Facebook Connect and sports

Chris Caceres · March 26, 2009 · Short URL: https://vator.tv/n/7a1

Sportacular integrates Facebook Connect so we don't watch sports alone

Unless you're a total recluse, watching a sporting event just isn't the same without friends or other spectators. 

The other day I was asked to go watch the Warriors game at a local sports bar. Tired and under the weather -- mostly feeling like I wanted to roam around in sweats and be a couch potato -- I denied the offer and headed home to watch the game by myself.  

Having been used to watching sports with my friends, things felt slightly off. Nobody around me was cheering at Stephen Jackson nailing three pointers, or yelling at Don Nelson’s lack of effort at coaching the losing Warriors. Those are downright shared experiences, in my book.
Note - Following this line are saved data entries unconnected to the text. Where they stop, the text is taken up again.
(* Summing the hypothesis along [K + d * s], s < m, the P-terms cancel since
   [K - d] and [K + d * (m - 1)] agree modulo m. *)
Lemma periodic_telescope (m : nat) (P Q1 Q2 : int -> nat) d : (0 < m)%N ->
  periodic P m%:Z -> periodic Q1 d -> periodic Q2 d ->
  (forall K, P (K - d)%R + Q1 K = P K + Q2 K)%N -> Q1 =1 Q2.
Proof.
move=> m_gt0 Pm Q1d Q2d PQ K.
pose G (s : nat) := P (K + d * s%:Z - d).
have G_succ s : G (s + 1)%N = P (K + d * s%:Z).
  by rewrite /G PoszD; congr P; ring.
have G_shift : (\sum_(s < m) G (s + 1)%N = \sum_(s < m) G s)%N.
  have := sum_nat_shift G m 1; rewrite !big_ord1 /= addn0.
  have -> : G m = G 0%N.
    apply: periodic_dvdz Pm _.
    by rewrite /G (_ : _ - _ = m%:Z * d) ?dvdz_mulr //; ring.
  by move/eqP; rewrite eqn_add2r => /eqP.
have : (\sum_(s < m) (G s + Q1 (K + d * s%:Z)%R) =
        \sum_(s < m) (P (K + d * s%:Z)%R + Q2 (K + d * s%:Z)%R))%N.
  by apply: eq_bigr => s _; exact: PQ.
rewrite !big_split /=.
rewrite (eq_bigr _ (fun (s : 'I_m) _ => periodicMz s%:Z Q1d K)).
rewrite (eq_bigr _ (fun (s : 'I_m) _ => periodicMz s%:Z Q2d K)).
rewrite -(eq_bigr _ (fun (s : 'I_m) _ => G_succ s)) G_shift.
by rewrite !sum_nat_const card_ord => /eqP; rewrite eqn_add2l eqn_pmul2l // => /eqP.
Qed.

Lemma rowX24E (a : nat -> int) (s : nat) : (s < 24)%N ->
  rowX24 a s = a s + a (23 - s)%N.
Proof.
move=> lt_s24; have pick (t : nat) : (t < 24)%N ->
    \sum_(r < 24) a r * (((r : nat) == t) : int) = a t.
  move=> lt_t24; rewrite (bigD1 (Ordinal lt_t24)) //= eqxx mulr1 big1 ?addr0 //.
  by move=> r; rewrite -val_eqE /= => /negbTE ->; rewrite mulr0.
rewrite /rowX24 /X24; under eq_bigr do rewrite mulrDr.
by rewrite big_split /= !pick //; lia.
Qed.

(* Position 3 t + r (r < 3) of A1 is [cA1 r], and of A2 is [cA2 r + t sA2 r]. *)
Definition cA1 (r : nat) : int := nth 0 [:: 1; 0; -1] r.
Definition cA2 (r : nat) : int := nth 0 [:: 0; 1; -1] r.
Definition sA2 (r : nat) : int := nth 0 [:: -1; 2; -1] r.

Definition slope (r k l : nat) : int :=
  sA2 r * l%:Z + 3 * cA2 (r.+1 %% 3) * k%:Z.

Lemma slope_scale r k l z : slope r (k * z) (l * z) = slope r k l * z%:Z.
Proof. by rewrite /slope !PoszM; ring. Qed.

Section Triangle.

Variables a1 a2 : int.

Definition useq (J : nat) : int :=
  a1 * cA1 (J %% 3) + a2 * (cA2 (J %% 3) + sA2 (J %% 3) * (J %/ 3)%:Z).

Lemma Avec_block (r : nat) : (r < 24)%N ->
  Avec a1 a2 r = useq r /\
  Avec a1 a2 r + Avec a1 a2 (23 - r) = 8 * a2 * sA2 (r %% 3).
Proof.
rewrite /Avec /useq.
by do 24?[case: r => [|r];
  first by move=> _; rewrite /modn /divn /cA1 /cA2 /sA2 /=; split; ring].
Qed.

Lemma IAP_Avec : IAP (Avec a1 a2) (rowX24 (Avec a1 a2)) =1 useq.
Proof.
move=> J; have lt_r24 : (J %% 24 < 24)%N by rewrite ltn_mod.
rewrite /IAP rowX24E //; have [-> ->] := Avec_block lt_r24; rewrite /useq.
have -> : (J %% 3 = (J %% 24) %% 3)%N by rewrite modn_dvdm.
have -> : (J %/ 3 = (J %/ 24) * 8 + (J %% 24) %/ 3)%N by lia.
rewrite PoszD PoszM; ring.
Qed.

Definition entry (i J : nat) : int := useq J + i%:Z * a2 * cA2 (J.+1 %% 3).

Lemma entry_rec i J : - entry i J - entry i J.+1 = entry i.+1 J.+2.
Proof.
rewrite /entry /useq (divn_eq J 3).
move: (J %/ 3)%N (J %% 3)%N (ltn_mod J 3) => t [|[|[|//]]] _;
  rewrite -!addnS !modnMDl !divnMDl // /cA1 /cA2 /sA2 /modn /divn /= ?addn0 ?addn1;
  rewrite -[i.+1]addn1 -?[t.+1]addn1 !PoszD; ring.
Qed.

Lemma tri_IAP_Avec i j :
  tri (IAP (Avec a1 a2) (rowX24 (Avec a1 a2))) i j = entry i (j + 2 * i).
Proof.
elim: i j => [|i IHi] j /=; first by rewrite IAP_Avec /entry addn0; ring.
by rewrite !IHi entry_rec mulnS addnCA.
Qed.

Lemma entry_shift i J k l :
  entry (i + 3 * k) (J + 3 * l) = entry i J + a2 * slope (J %% 3) k l.
Proof.
rewrite /entry /useq /slope.
have -> : ((J + 3 * l) %% 3 = J %% 3)%N by lia.
have -> : ((J + 3 * l).+1 %% 3 = (J %% 3).+1 %% 3)%N by lia.
have -> : ((J + 3 * l) %/ 3 = J %/ 3 + l)%N by lia.
have -> : (J.+1 %% 3 = (J %% 3).+1 %% 3)%N by lia.
by rewrite !PoszD ?PoszM; ring.
Qed.

Variables m n : nat.

Definition hit (r : nat) (K : int) (i J : nat) : nat :=
  (J %% 3 == r)%N && (m%:Z %| entry i J - K)%Z.

Definition class_count (r : nat) (K : int) : nat :=
  \sum_(i < n) \sum_(j < n - i) hit r K i (j + 2 * i).

(* The first three sheared columns of each row, and the three just past its
   end (outside the triangle). *)
Definition head_count (r : nat) (K : int) : nat :=
  \sum_(i < n) \sum_(c < 3) hit r K i (2 * i + c).

Definition tail_count (r : nat) (K : int) : nat :=
  \sum_(i < n) \sum_(c < 3) hit r K i (n + i + c).

Lemma hit_periodic r i J : periodic (fun K => hit r K i J) m%:Z.
Proof. by move=> K; rewrite /hit opprD addrA rpredBr ?dvdzz. Qed.

Lemma hit_shift r K i J k l :
  hit r K (i + 3 * k) (J + 3 * l) = hit r (K - a2 * slope r k l) i J.
Proof.
rewrite /hit entry_shift (_ : (J + 3 * l) %% 3 = J %% 3)%N; last by lia.
by case: eqP => // <-; rewrite opprB addrA [_ + a2 * _]addrC addrA.
Qed.

Lemma class_count_periodic_m r : periodic (class_count r) m%:Z.
Proof.
by move=> K; apply: eq_bigr => i _; apply: eq_bigr => j _; apply: hit_periodic.
Qed.

Lemma head_count_periodic_m r : periodic (head_count r) m%:Z.
Proof.
by move=> K; apply: eq_bigr => i _; apply: eq_bigr => c _; apply: hit_periodic.
Qed.

Lemma tail_count_periodic_m r : periodic (tail_count r) m%:Z.
Proof.
by move=> K; apply: eq_bigr => i _; apply: eq_bigr => c _; apply: hit_periodic.
Qed.

Lemma class_count_shift r K :
  (class_count r (K - a2 * sA2 r) + head_count r K =
   class_count r K + tail_count r K)%N.
Proof.
rewrite -!big_split; apply: eq_bigr => i _ /=.
have lt_in := ltn_ord i.
have := sum_nat_shift (fun j => hit r K i (j + 2 * i)) (n - i) 3.
congr (_ + _ = _ + _)%N; apply: eq_bigr => j _.
- have := hit_shift r K i (j + 2 * i) 0 1; rewrite muln0 addn0 muln1.
  rewrite (_ : slope r 0 1 = sA2 r) => [<-|]; last by rewrite /slope; ring.
  by rewrite addnAC.
- by rewrite addnC.
- by congr hit; lia.
Qed.

Lemma tri_count_classes k :
  tri_count m (IAP (Avec a1 a2) (rowX24 (Avec a1 a2))) n k =
  (\sum_(r < 3) class_count r k%:Z)%N.
Proof.
rewrite /class_count exchange_big; apply: eq_bigr => i _ /=.
rewrite exchange_big; apply: eq_bigr => j _ /=.
rewrite tri_IAP_Avec /hit !big_ord_recr big_ord0 /=.
have -> : ((entry i (j + 2 * i) - k%:Z) %% m%:Z == 0)%Z =
          (m%:Z %| entry i (j + 2 * i) - k%:Z)%Z by exact/eqP/dvdz_mod0P.
have := ltn_mod (j + 2 * i) 3.
by case: ((j + 2 * i) %% 3)%N => [|[|[|]]] // _; case: (_ %| _)%Z.
Qed.

Lemma sum_class_count r : (0 < m)%N ->
  (\sum_(K < m) class_count r K%:Z)%N = class_size n r.
Proof.
move=> m_gt0; rewrite /class_count /class_size exchange_big; apply: eq_bigr => i _.
rewrite exchange_big; apply: eq_bigr => j _ /=.
rewrite /hit; case: eqP => _ /=; last by rewrite big1.
exact: sum_dvdz_residues.
Qed.

Lemma entry_mod3 i J : (3 %| a2)%Z -> (3 %| entry i J - a1 * cA1 (J %% 3))%Z.
Proof.
move=> dvd3_a2; rewrite /entry /useq.
rewrite (_ : _ - _ = a2 * (cA2 (J %% 3) + sA2 (J %% 3) * (J %/ 3)%:Z
                           + i%:Z * cA2 (J.+1 %% 3))); last by ring.
exact: dvdz_mulr.
Qed.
Slightly bored, and feeling disconnected from the game I turned on an iPhone app I downloaded a little less than a year ago – Sportacular.  

Sportacular, which is produced by Citizen Sports, allows users to see all sorts of stats, news, score updates and standings on pretty much every sport and team the user is looking for.  

"Dammit warriors,” I said, disheartened by the Warriors' attempt to show some semblance of athletic ability.

Making matters worse, I couldn't even show my disdain to any friend, or even onlooker, who could empathize.

Disengaged, I turned to my iPhone and found the application added a new tab called “Comments.”  This comments feature allowed me to login instantly through means of Facebook Connect.  Once logged on, I found plenty of people chatting and commenting on the terrible game. After scrolling around, I found the same thought running through my head. So, I typed on the screen, “Dammit warriors!”

There, I said it. It was a cathartic excercise that at the least left me saying, "I was heard."

Although not nearly as engaging and fun as watching a good game of basketball with your friends at a bar, Sportacular and Facebook Connect brought the game back to life for me.  I was able to interact and comment on the game with other users even though I wasn’t around anybody.  

I was able to get a hint of that collective enjoyment and collective frustration humanity shares when watching sports together.